[Source records]
(* Let $\mathcal{D}_R$ be the class of all finite reflexive digraphs and let $D\in\mathcal{D}_R$. The class $\mathrm{Av}(D)=\{E\in\mathcal{D}_R: D\not\preceq E\}$, with respect to the strong homomorphic image ordering $\preceq$, is well quasi-ordered if and only if $D$ is isomorphic to the complete digraph $\overrightarrow{K}_n$ for some $n\ge1$.
   Context: A digraph is a set $D$ with a binary relation $E(D)\subseteq D\times D$; reflexive means every loop $(x,x)$ is an edge. $\overrightarrow{K}_n$ is the digraph on $\{1,\dots,n\}$ with edge set $\{(i,j):1\le i,j\le n\}$. A homomorphism maps edges to edges; it is strong if additionally every edge of the target between vertices of the image is the image of an edge. Strong homomorphic image ordering: $A\preceq B$ iff there is a surjective strong homomorphism $B\to A$. Well quasi-ordered means no infinite strictly decreasing sequence and no infinite antichain; digraphs considered up to isomorphism. *)

From mathcomp Require Import all_boot.
Set Implicit Arguments. Unset Strict Implicit. Unset Printing Implicit Defensive.

Record fdigraph := FDigraph { fd_n : nat; fd_E : rel 'I_fd_n }.
Arguments fd_E : clear implicits.

Definition reflexive_dg (D : fdigraph) : Prop := forall x, fd_E D x x.

Definition Kn (n : nat) : fdigraph := @FDigraph n (fun _ _ => true).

What is expected: Go through the data above from its first line and copy each line exactly, stopping once the line with "From mathcomp Require Import all_boot." has been copied.

Exercise response:
(* Let $\mathcal{D}_R$ be the class of all finite reflexive digraphs and let $D\in\mathcal{D}_R$. The class $\mathrm{Av}(D)=\{E\in\mathcal{D}_R: D\not\preceq E\}$, with respect to the strong homomorphic image ordering $\preceq$, is well quasi-ordered if and only if $D$ is isomorphic to the complete digraph $\overrightarrow{K}_n$ for some $n\ge1$.
   Context: A digraph is a set $D$ with a binary relation $E(D)\subseteq D\times D$; reflexive means every loop $(x,x)$ is an edge. $\overrightarrow{K}_n$ is the digraph on $\{1,\dots,n\}$ with edge set $\{(i,j):1\le i,j\le n\}$. A homomorphism maps edges to edges; it is strong if additionally every edge of the target between vertices of the image is the image of an edge. Strong homomorphic image ordering: $A\preceq B$ iff there is a surjective strong homomorphism $B\to A$. Well quasi-ordered means no infinite strictly decreasing sequence and no infinite antichain; digraphs considered up to isomorphism. *)

From mathcomp Require Import all_boot.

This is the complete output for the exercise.